Would you please write out the records below exactly as they appear?

Records to process:
▬▬▬
Lemma dirZ k (c : R) (x : 'rV[R]_k) : 0 < c -> dir (c *: x) = dir x.
Proof.
move=> c0; rewrite /dir enormZ gtr0_norm // scalerA invfM mulrAC mulVf ?gt_eqF //.
by rewrite mul1r.
Qed.

Lemma enorm_scale_dir k (x : 'rV[R]_k) : enorm x *: dir x = x.
Proof.
have [->|x0] := eqVneq x 0; first by rewrite dir0 scaler0.
by rewrite /dir scalerA mulfV ?scale1r // gt_eqF // enorm_gt0.
Qed.

(* |x| (dir x' - dir x) = (x' - x) + (|x| - |x'|) dir x', and ||x| - |x'|| <= |x' - x| *)
Lemma enorm_dirB_le k (x x' : 'rV[R]_k) :
  enorm x * enorm (dir x' - dir x) <= 2 * enorm (x' - x).
Proof.
have [->|x0] := eqVneq x 0; first by rewrite enorm0 mul0r mulr_ge0 ?enorm_ge0.
have [->|x'0] := eqVneq x' 0.
  by rewrite dir0 !sub0r !enormN enorm_dir // mulr1; have := enorm_ge0 x; lra.
rewrite -[enorm x]ger0_norm ?enorm_ge0 // -enormZ.
have -> : enorm x *: (dir x' - dir x) = (x' - x) + (enorm x - enorm x') *: dir x'.
  by rewrite scalerBr scalerBl !enorm_scale_dir [RHS]addrC addrA subrK.
apply: le_trans (enormD _ _) _.
rewrite enormZ enorm_dir // mulr1 [enorm (x' - x)]enormB.
have := enorm_dist x x'; lra.
Qed.

End Directions.

Section Asymptotics.
Variable R : realType.
Implicit Types (k : nat) (t : nat -> R).

Lemma nearoP (P : nat -> Prop) :
  (\forall m \near \oo, P m) <-> exists N, forall m, (N <= m)%N -> P m.
Proof. by split=> [[N _ hN]|[N hN]]; exists N. Qed.

Lemma near_reindex (P : nat -> Prop) (f : nat -> nat) :
  (forall i, (i <= f i)%N) ->
  (\forall m \near \oo, P m) -> \forall m \near \oo, P (f m).
Proof.
move=> hf /nearoP[N hN]; apply/nearoP; exists N => m Nm.
exact/hN/(leq_trans Nm).
Qed.
(* continuity Aut(Q>=0) -> Aut_M(X), via basic neighbourhoods
   {g : d(g x, f x) < e for all x in A} *)
Definition cont_metric (S : Type) (s0 : S) (P : (qpos -> S) -> Prop)
    (s : qaut -> dcaut s0 P) : Prop :=
  forall (sigma : qaut) (A : set (space P)) (e : rat),
    finite_set A -> 0 < e ->
    exists C : set qnn, finite_set C /\
      forall tau : qaut, (forall r, C r -> tau r = sigma r) ->
        forall x, A x -> exists2 d : qnn,
          isdist (sval (dc_fun (s tau) x)) (sval (dc_fun (s sigma) x)) d &
          sval d < e.

From Pilot Require Import Defs.
From mathcomp Require Import all_boot all_order all_algebra.
From mathcomp Require Import boolp classical_sets cardinality.
Set Implicit Arguments. Unset Strict Implicit. Unset Printing Implicit Defensive.
Import Order.TTheory GRing.Theory Num.Theory.
Local Open Scope ring_scope.
Local Open Scope classical_set_scope.

(* An order automorphism sigma of Q_{>=0} fixes 0, hence restricts to an order
   automorphism of Q_{>0}, and it acts on functions by f |-> f o sigma^-1.
   This action moves supports and distances by sigma, so it is a homomorphic
   section of f |-> D_f, and it preserves each of the four support conditions
   because sigma is an order isomorphism fixing 0.  The image of f only
   depends on sigma on supp f: for finite supports this gives pointwise
   continuity.  For supports decreasing to 0, the image of f up to distance e
   only depends on sigma at sigma^-1(e) and at the finitely many points of
   supp f above sigma^-1(e), which gives continuity into Aut_M. *)

Lemma sval_inj (T : Type) (P : T -> Prop) : injective (@sval T P).
Proof. by case=> x hx [y hy] /= exy; apply: eq_exist. Qed.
▬▬▬
Result of this task:
Lemma dirZ k (c : R) (x : 'rV[R]_k) : 0 < c -> dir (c *: x) = dir x.
Proof.
move=> c0; rewrite /dir enormZ gtr0_norm // scalerA invfM mulrAC mulVf ?gt_eqF //.
by rewrite mul1r.
Qed.

Lemma enorm_scale_dir k (x : 'rV[R]_k) : enorm x *: dir x = x.
Proof.
have [->|x0] := eqVneq x 0; first by rewrite dir0 scaler0.
by rewrite /dir scalerA mulfV ?scale1r // gt_eqF // enorm_gt0.
Qed.

(* |x| (dir x' - dir x) = (x' - x) + (|x| - |x'|) dir x', and ||x| - |x'|| <= |x' - x| *)
Lemma enorm_dirB_le k (x x' : 'rV[R]_k) :
  enorm x * enorm (dir x' - dir x) <= 2 * enorm (x' - x).
Proof.
have [->|x0] := eqVneq x 0; first by rewrite enorm0 mul0r mulr_ge0 ?enorm_ge0.
have [->|x'0] := eqVneq x' 0.
  by rewrite dir0 !sub0r !enormN enorm_dir // mulr1; have := enorm_ge0 x; lra.
rewrite -[enorm x]ger0_norm ?enorm_ge0 // -enormZ.
have -> : enorm x *: (dir x' - dir x) = (x' - x) + (enorm x - enorm x') *: dir x'.
  by rewrite scalerBr scalerBl !enorm_scale_dir [RHS]addrC addrA subrK.
apply: le_trans (enormD _ _) _.
rewrite enormZ enorm_dir // mulr1 [enorm (x' - x)]enormB.
have := enorm_dist x x'; lra.
Qed.

End Directions.

Section Asymptotics.
Variable R : realType.
Implicit Types (k : nat) (t : nat -> R).

Lemma nearoP (P : nat -> Prop) :
  (\forall m \near \oo, P m) <-> exists N, forall m, (N <= m)%N -> P m.
Proof. by split=> [[N _ hN]|[N hN]]; exists N. Qed.

Lemma near_reindex (P : nat -> Prop) (f : nat -> nat) :
  (forall i, (i <= f i)%N) ->
  (\forall m \near \oo, P m) -> \forall m \near \oo, P (f m).
Proof.
move=> hf /nearoP[N hN]; apply/nearoP; exists N => m Nm.
exact/hN/(leq_trans Nm).
Qed.
(* continuity Aut(Q>=0) -> Aut_M(X), via basic neighbourhoods
   {g : d(g x, f x) < e for all x in A} *)
Definition cont_metric (S : Type) (s0 : S) (P : (qpos -> S) -> Prop)
    (s : qaut -> dcaut s0 P) : Prop :=
  forall (sigma : qaut) (A : set (space P)) (e : rat),
    finite_set A -> 0 < e ->
    exists C : set qnn, finite_set C /\
      forall tau : qaut, (forall r, C r -> tau r = sigma r) ->
        forall x, A x -> exists2 d : qnn,
          isdist (sval (dc_fun (s tau) x)) (sval (dc_fun (s sigma) x)) d &
          sval d < e.

From Pilot Require Import Defs.
From mathcomp Require Import all_boot all_order all_algebra.
From mathcomp Require Import boolp classical_sets cardinality.
Set Implicit Arguments. Unset Strict Implicit. Unset Printing Implicit Defensive.
Import Order.TTheory GRing.Theory Num.Theory.
Local Open Scope ring_scope.
Local Open Scope classical_set_scope.

(* An order automorphism sigma of Q_{>=0} fixes 0, hence restricts to an order
   automorphism of Q_{>0}, and it acts on functions by f |-> f o sigma^-1.
   This action moves supports and distances by sigma, so it is a homomorphic
   section of f |-> D_f, and it preserves each of the four support conditions
   because sigma is an order isomorphism fixing 0.  The image of f only
   depends on sigma on supp f: for finite supports this gives pointwise
   continuity.  For supports decreasing to 0, the image of f up to distance e
   only depends on sigma at sigma^-1(e) and at the finitely many points of
   supp f above sigma^-1(e), which gives continuity into Aut_M. *)

Lemma sval_inj (T : Type) (P : T -> Prop) : injective (@sval T P).
Proof. by case=> x hx [y hy] /= exy; apply: eq_exist. Qed.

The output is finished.